Assisted Suicide For Mental Suffering

image: bravest thing i did
In JAPAN, some people see SUICIDE as an honorable way of taking responsibility for lives gone sour.
- Turning Japanese, 2005
Losing the will to live is not always standing on a ledge. It’s not always being in crisis mode (for me anyway). It’s a dull ache in my chest that weighs me down constantly. I might laugh or appear normal, but that ache to disappear is there, underneath.
- What It Feels Like to Lose the Will to Live, The Mighty, 2023
... nonfatal suicidal behavior is associated with femininity, whereas suicide is associated with the masculine. Thus, surviving a suicide attempt is perceived as particularly inappropriate behavior for males, suggesting that suicide takes courage
- Depression and the Silent Male, Ellyroseblog, 2022
Debt is a huge mental health burden. According to research presented by The Aspen Institute 16 percent of suicides in the United States occur in response to a financial problem… The cumulative loss to global GDP over 2020 and 2021 from the pandemic crisis could be around 9 trillion dollars, greater than the economies of Japan and Germany, combined.
- The Impact Of Covid-19 On Suicide Rates, Psycom, 2021
I’ve THOUGHT about and WRITTEN about SUICIDE so many times, that it’s HARD TO DECIDE if I’m a whiner like teenagers that slit their wrists for attention, or deserve a medal for fighting the urge to kill myself year after year.
- Lost All Hope, 2018
In 2019, poverty was associated with more than 10 times as many deaths as homicide, 4.7 times as many deaths as firearms, 3.9 times as many as suicide, and 2.6 times as many as drug overdose.
- Novel Estimates of Mortality Associated With Poverty in the US, April 17. 2023


Medical Assistance in Dying Should Not Exclude Mental Illness

By Clancy Martin
New York Times
April 21, 2023

My first attempt to kill myself was when I was a child. I tried again as a teenager; as an adult, Ive attempted suicide repeatedly and in a variety of ways. And yet, as a 55-year-old white man (a member of one of the groups at the highest risk for suicide in America) and the happily married father of five children, I am thankful that I am incompetent at killing myself.
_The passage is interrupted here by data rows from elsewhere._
(* Let $\mathcal{A}$ and $\mathcal{U}$ be Banach algebras, $\theta$ a nonzero character on $\mathcal{A}$, $\mathcal{X}$ a simple Banach $(\mathcal{A}\times_{\theta}\mathcal{U})$-bimodule, and $D:\mathcal{A}\times_{\theta}\mathcal{U}\to\mathcal{X}$ a derivation. Then $D$ is continuous if either of the following holds: (i) $\mathrm{ann}_{\mathcal{X}}\mathcal{U}\neq\mathcal{X}$ and $Z_{\mathcal{X}}(\mathcal{A})\neq\mathcal{X}$; (ii) $\mathrm{ann}_{\mathcal{X}}\mathcal{U}=\{0\}$ and $Z_{\mathcal{X}}(\mathcal{A})\neq\mathcal{X}$.
   Context: The Lau product $\mathcal{A}\times_{\theta}\mathcal{U}$ is $\mathcal{A}\times\mathcal{U}$ with norm $\|(a,u)\|=\|a\|+\|u\|$ and product $(a,u)(a',u')=(aa',\theta(a)u'+\theta(a')u+uu')$. $\mathcal{X}$ is an $\mathcal{A}$-bimodule via $ax=(a,0)x$, $xa=x(a,0)$ and a $\mathcal{U}$-bimodule via $ux=(0,u)x$, $xu=x(0,u)$. Simple means the only closed $(\mathcal{A}\times_{\theta}\mathcal{U})$-subbimodules of $\mathcal{X}$ are $\{0\}$ and $\mathcal{X}$. $\mathrm{ann}_{\mathcal{X}}\mathcal{U}=\{x: ux=xu=0\ \forall u\in\mathcal{U}\}$; $Z_{\mathcal{X}}(\mathcal{A})=\{x: ax=xa\ \forall a\in\mathcal{A}\}$. *)

From HB Require Import structures.
From mathcomp Require Import all_boot all_order all_algebra.
From mathcomp Require Import all_classical all_reals all_analysis.
From mathcomp Require Import complex.
Import Order.TTheory GRing.Theory Num.Theory.
Import numFieldNormedType.Exports.

Set Implicit Arguments.
Unset Strict Implicit.
Unset Printing Implicit Defensive.

Local Open Scope ring_scope.
Local Open Scope classical_set_scope.

Section BanachAlgebras.
Variable K : numFieldType.

Definition banach_algebra (A : completeNormedModType K) (mul : A -> A -> A)
  : Prop :=
  ((forall a b c, mul a (mul b c) = mul (mul a b) c) /\
      (forall a b c, mul (a + b) c = mul a c + mul b c) /\
      (forall a b c, mul a (b + c) = mul a b + mul a c) /\
      (forall (k : K) a b, mul (k *: a) b = k *: mul a b) /\
      (forall (k : K) a b, mul a (k *: b) = k *: mul a b) /\
      (forall a b, `|mul a b| <= `|a| * `|b|)).

Definition character (A : completeNormedModType K) (mul : A -> A -> A)
  (theta : A -> K) : Prop :=
  ((forall a b, theta (a + b) = theta a + theta b) /\
      (forall (k : K) a, theta (k *: a) = k * theta a) /\
      (forall a b, theta (mul a b) = theta a * theta b) /\
      (exists a, theta a != 0)).

Section Lau.
Variables (A U : completeNormedModType K).

Definition lau_mul (theta : A -> K) (mulA : A -> A -> A) (mulU : U -> U -> U)
  (p q : A * U) : A * U :=
  (mulA p.1 q.1, theta p.1 *: q.2 + theta q.1 *: p.2 + mulU p.2 q.2).

Definition lau_norm (p : A * U) : K := `|p.1| + `|p.2|.

Variable X : completeNormedModType K.
Variables (mulB : A * U -> A * U -> A * U).
Variables (lm : A * U -> X -> X) (rm : X -> A * U -> X).

Definition banach_bimodule : Prop :=
  ((forall p q x, lm (p + q) x = lm p x + lm q x) /\
      (forall p x y, lm p (x + y) = lm p x + lm p y) /\
      (forall (k : K) p x, lm (k *: p) x = k *: lm p x) /\
      (forall (k : K) p x, lm p (k *: x) = k *: lm p x) /\
      (forall p q x, rm x (p + q) = rm x p + rm x q) /\
      (forall p x y, rm (x + y) p = rm x p + rm y p) /\
      (forall (k : K) p x, rm x (k *: p) = k *: rm x p) /\
      (forall (k : K) p x, rm (k *: x) p = k *: rm x p) /\
      (forall p q x, lm (mulB p q) x = lm p (lm q x)) /\
      (forall p q x, rm x (mulB p q) = rm (rm x p) q) /\
      (forall p q x, rm (lm p x) q = lm p (rm x q)) /\
      (forall p x, `|lm p x| <= lau_norm p * `|x|) /\
      (forall p x, `|rm x p| <= lau_norm p * `|x|)).

Definition closed_subbimodule (S : set X) : Prop :=
  (S 0 /\
      (forall x y, S x -> S y -> S (x + y)) /\
      (forall (k : K) x, S x -> S (k *: x)) /\
      (forall p x, S x -> S (lm p x)) /\
      (forall p x, S x -> S (rm x p)) /\
      closed S).

Definition simple_bimodule : Prop :=
  forall S : set X, closed_subbimodule S -> S = [set 0] \/ S = setT.

Definition ann_U : set X :=
  [set x | forall u : U, lm (0, u) x = 0 /\ rm x (0, u) = 0].

Definition centre_A : set X :=
  [set x | forall a : A, lm (a, 0) x = rm x (a, 0)].

Definition derivation (D : A * U -> X) : Prop :=
  ((forall p q, D (p + q) = D p + D q) /\
      (forall (k : K) p, D (k *: p) = k *: D p) /\
      (forall p q, D (mulB p q) = rm (D p) q + lm p (D q))).

End Lau.
End BanachAlgebras.

(* Annihilators and eigenspaces of X defined by bounded module maps are closed
   sub-bimodules, hence {0} or X.  Condition (ii) implies (i), since
   Z_X(A) <> X forces X <> {0}.  The left and right annihilators {x | U x = 0}
   and {x | x U = 0} are not both X, as their intersection ann_X U is not, so
   one of them is {0}; passing to the opposite algebras and bimodule, which
   exchanges left and right, we may assume it is the left one.  Then
   U (a x - theta(a) x) = 0 gives a x = theta(a) x, so |theta(a)| <= |a|, and
   the right eigenspace {x | x a = theta(a) x} is {0}, for otherwise every x
   would lie in Z_X(A).  Applying D to (0,u)(a,0) = (0, theta(a) u) yields
     D(0,u) a - theta(a) D(0,u) = - u D(a,0)   and
     u D(a,0) = theta(a) D(0,u) - D(0,u) a,
   so the maps x |-> x a - theta(a) x, resp. x |-> u x, send the restrictions
   of D to U, resp. A, to bounded maps.  Both families separate the points of
   X, hence both restrictions have closed graphs and are bounded by the closed
   graph theorem. *)

From HB Require Import structures.
From mathcomp Require Import all_boot all_order all_algebra.
From mathcomp Require Import all_classical all_reals all_analysis.
From mathcomp Require Import complex.
From mathcomp Require Import ring lra.
Import Order.TTheory GRing.Theory Num.Theory.
Import numFieldNormedType.Exports.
I believe that almost every suicide can be prevented, including my own, with access to GOOD BEHAVIORAL HEALTH SYSTEMS. I have talked many, many people “off the ledge.”

I am a Canadian, where eligible adults have had the legal right to request medical assistance in dying (MAID) since June 2016. ACCEPTANCE OF MAID has been spreading, and it is now legal in almost a dozen countries and 10 U.S. states and Washington, D.C. To my mind, this is moral progress: When a person is in unbearable physical agony, suffering from a terminal disease, and death is near, surely it is compassionate to help end the pain, if the person so chooses.
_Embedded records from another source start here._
Lemma compact_integrals_RInt lo hi h v : compact_integrals lo hi h v <->
  exists c d, lo < c /\ c < d /\ d < hi /\ ex_RInt h c d /\ RInt h c d = v.
Proof.
  split.
  - intros [c [d [Hc [Hcd [Hd [pr <-]]]]]]. exists c, d.
    repeat split; auto; [now apply ex_RInt_Reals_1 | apply RInt_Reals].
  - intros [c [d [Hc [Hcd [Hd [Hex <-]]]]]]. exists c, d.
    repeat split; auto. exists (ex_RInt_Reals_0 _ _ _ Hex). now rewrite <- RInt_Reals.
Qed.

Lemma RInt_le_integral_nonneg lo hi h V c d : ex_RInt_loc lo hi h -> integral_nonneg lo hi h V ->
  lo < c -> c < d -> d < hi -> RInt h c d <= V.
Proof.
  intros Hh [Hub _] Hc Hcd Hd. apply Hub, compact_integrals_RInt.
  exists c, d; repeat split; auto. apply Hh; lra.
Qed.

Lemma integral_nonneg_ge0 lo hi h V : (forall x, 0 <= h x) ->
  integral_nonneg lo hi h V -> 0 <= V.
Proof.
  intros Hh [Hub Hlub].
  destruct (classic (exists v, compact_integrals lo hi h v)) as [[v Hv] | Hempty].
  - apply Rle_trans with v; [| now apply Hub].
    apply compact_integrals_RInt in Hv as [c [d [_ [Hcd [_ [Hex <-]]]]]].
    apply RInt_ge_0; auto; lra.
  - assert (V <= V - 1) by (apply Hlub; intros v Hv; contradiction (Hempty (ex_intro _ v Hv))).
    lra.
Qed.

Lemma RInt_le_except (h1 h2 : R -> R) a b p : a <= b -> ex_RInt h1 a b -> ex_RInt h2 a b ->
  (forall x, a < x < b -> x <> p -> h1 x <= h2 x) -> RInt h1 a b <= RInt h2 a b.
Proof.
  intros Hab E1 E2 Hle. destruct (classic (a < p < b)) as [Hp | Hp].
  - assert (Hsplit : forall h : R -> R, ex_RInt h a b ->
              ex_RInt h a p /\ ex_RInt h p b /\ RInt h a b = RInt h a p + RInt h p b).
    { intros h E.
      assert (Ea : ex_RInt h a p) by (apply (ex_RInt_subinterval _ a b); auto; lra).
      assert (Eb : ex_RInt h p b) by (apply (ex_RInt_subinterval _ a b); auto; lra).
      repeat split; auto. now rewrite RInt_Chasles_R. }
    destruct (Hsplit h1 E1) as [A1 [B1 ->]], (Hsplit h2 E2) as [A2 [B2 ->]].
    apply Rplus_le_compat; apply RInt_le; auto; try lra; intros x Hx; apply Hle; lra.
  - apply RInt_le; auto. intros x Hx. apply Hle; auto. intros ->; auto.
Qed.

Lemma integral_nonneg_le lo hi (h1 h2 : R -> R) p V1 V2 :
  ex_RInt_loc lo hi h1 -> ex_RInt_loc lo hi h2 ->
  (forall x, lo < x < hi -> x <> p -> h1 x <= h2 x) ->
  integral_nonneg lo hi h1 V1 -> integral_nonneg lo hi h2 V2 -> V1 <= V2.
Proof.
  intros E1 E2 Hle [_ Hlub1] HV2. apply Hlub1. intros v Hv.
  apply compact_integrals_RInt in Hv as [c [d [Hc [Hcd [Hd [_ <-]]]]]].
  apply Rle_trans with (RInt h2 c d); [| now apply (RInt_le_integral_nonneg lo hi)].
  apply (RInt_le_except _ _ _ _ p); try apply E1; try apply E2; try lra.
  intros x Hx; apply Hle; lra.
Qed.

Lemma RInt_le_superinterval (h : R -> R) c' c d d' : (forall x, 0 <= h x) ->
  c' <= c -> c <= d -> d <= d' -> ex_RInt h c' d' -> RInt h c d <= RInt h c' d'.
Proof.
  intros Hh Hc' Hcd Hd' E.
  assert (Esub : forall u v, c' <= u -> u <= v -> v <= d' -> ex_RInt h u v)
    by (intros; apply (ex_RInt_subinterval _ c' d'); auto).
  rewrite <- (RInt_Chasles_R h c' d d'), <- (RInt_Chasles_R h c' c d) by (apply Esub; lra).
  assert (0 <= RInt h c' c) by (apply RInt_ge_0; auto; apply Esub; lra).
  assert (0 <= RInt h d d') by (apply RInt_ge_0; auto; apply Esub; lra).
  lra.
Qed.

Lemma RInt_add_gap_le (h1 h2 : R -> R) a b p P Q gap :
  a <= P -> P <= Q -> Q <= b -> ex_RInt h1 a b -> ex_RInt h2 a b ->
  (forall x, a < x < b -> x <> p -> h1 x <= h2 x) ->
  (forall x, P < x < Q -> h1 x + gap <= h2 x) ->
  RInt h1 a b + gap * (Q - P) <= RInt h2 a b.
Proof.
  intros HaP HPQ HQb E1 E2 Hle Hgap.
  assert (Hsplit : forall h : R -> R, ex_RInt h a b ->
            ex_RInt h a P /\ ex_RInt h P Q /\ ex_RInt h Q b /\
            RInt h a b = RInt h a P + RInt h P Q + RInt h Q b).
  { intros h E.
    assert (Esub : forall u v, a <= u -> u <= v -> v <= b -> ex_RInt h u v)
      by (intros; apply (ex_RInt_subinterval _ a b); auto).
    repeat split; try (apply Esub; lra).
    rewrite <- (RInt_Chasles_R h a Q b), <- (RInt_Chasles_R h a P Q) by (apply Esub; lra).
    reflexivity. }
  destruct (Hsplit h1 E1) as [A1 [B1 [C1 ->]]], (Hsplit h2 E2) as [A2 [B2 [C2 ->]]].
  assert (RInt h1 a P <= RInt h2 a P)
    by (apply (RInt_le_except _ _ _ _ p); auto; intros; apply Hle; lra).
  assert (RInt h1 Q b <= RInt h2 Q b)
    by (apply (RInt_le_except _ _ _ _ p); auto; intros; apply Hle; lra).
  assert (RInt h1 P Q + gap * (Q - P) <= RInt h2 P Q).
  { replace (RInt h1 P Q + gap * (Q - P)) with (RInt (fun x => h1 x + gap) P Q).
    - apply RInt_le; auto. apply (ex_RInt_plus h1 (fun _ => gap)); auto. apply ex_RInt_const.
    - rewrite (RInt_plus h1 (fun _ => gap)), RInt_const by (auto; apply ex_RInt_const).
      simpl; unfold plus, scal; simpl; unfold mult; simpl; ring. }
  lra.
Qed.

(* Every compact integral of [h1] is dominated by one of [h2] over a larger
   interval containing [[P, Q]], minus the gap. *)
Lemma integral_nonneg_lt lo hi (h1 h2 : R -> R) p P Q gap V1 V2 :
  ex_RInt_loc lo hi h1 -> ex_RInt_loc lo hi h2 -> (forall x, 0 <= h1 x) ->
  (forall x, lo < x < hi -> x <> p -> h1 x <= h2 x) ->
  (forall x, P < x < Q -> h1 x + gap <= h2 x) ->
  lo < P -> P < Q -> Q < hi -> 0 < gap ->
  integral_nonneg lo hi h1 V1 -> integral_nonneg lo hi h2 V2 -> V1 < V2.
Proof.
  intros E1 E2 Hh1 Hle Hgap HP HPQ HQ Hg [_ Hlub1] HV2.
  enough (V1 <= V2 - gap * (Q - P)) by (assert (0 < gap * (Q - P)) by nra; lra).
  apply Hlub1. intros v Hv.
  apply compact_integrals_RInt in Hv as [c [d [Hc [Hcd [Hd [_ <-]]]]]].
  set (c' := Rmin c P). set (d' := Rmax d Q).
  assert (Hc' : lo < c' <= c /\ c' <= P)
    by (unfold c'; split; [split; [apply Rmin_glb_lt | apply Rmin_l] | apply Rmin_r]; lra).
  assert (Hd' : d <= d' < hi /\ Q <= d')
    by (unfold d'; split; [split; [apply Rmax_l | apply Rmax_lub_lt] | apply Rmax_r]; lra).
  assert (RInt h1 c d <= RInt h1 c' d')
    by (apply RInt_le_superinterval; [exact Hh1 | lra | lra | lra | apply E1; lra]).
  assert (RInt h1 c' d' + gap * (Q - P) <= RInt h2 c' d')
    by (apply (RInt_add_gap_le _ _ _ _ p); auto; try lra; [apply E1 | apply E2 |]; try lra;
        intros x Hx; apply Hle; lra).
  assert (RInt h2 c' d' <= V2) by (apply (RInt_le_integral_nonneg lo hi); auto; lra).
  lra.
Qed.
But a debate has arisen in Canada because the law was written to include those living with severe, incurable mental illness. This part of the law was meant to take effect this year but was recently POSTPONED until 2024.

Many people who want to end their lives because of intense mental suffering find themselves grateful for their lives once the suicidal moment or attempt has passed. As Ken Baldwin, who survived a suicide attempt by leaping off the Golden Gate Bridge, famously REMARKED, “I instantly realized that everything in my life that I’d thought was unfixable was totally fixable - except for having just jumped.”

One might expect that as someone who has repeatedly attempted suicide and yet is happy to be alive, I am opposed to euthanasia on psychiatric grounds. But it is because of my intimacy with suicide that I believe people must have this right.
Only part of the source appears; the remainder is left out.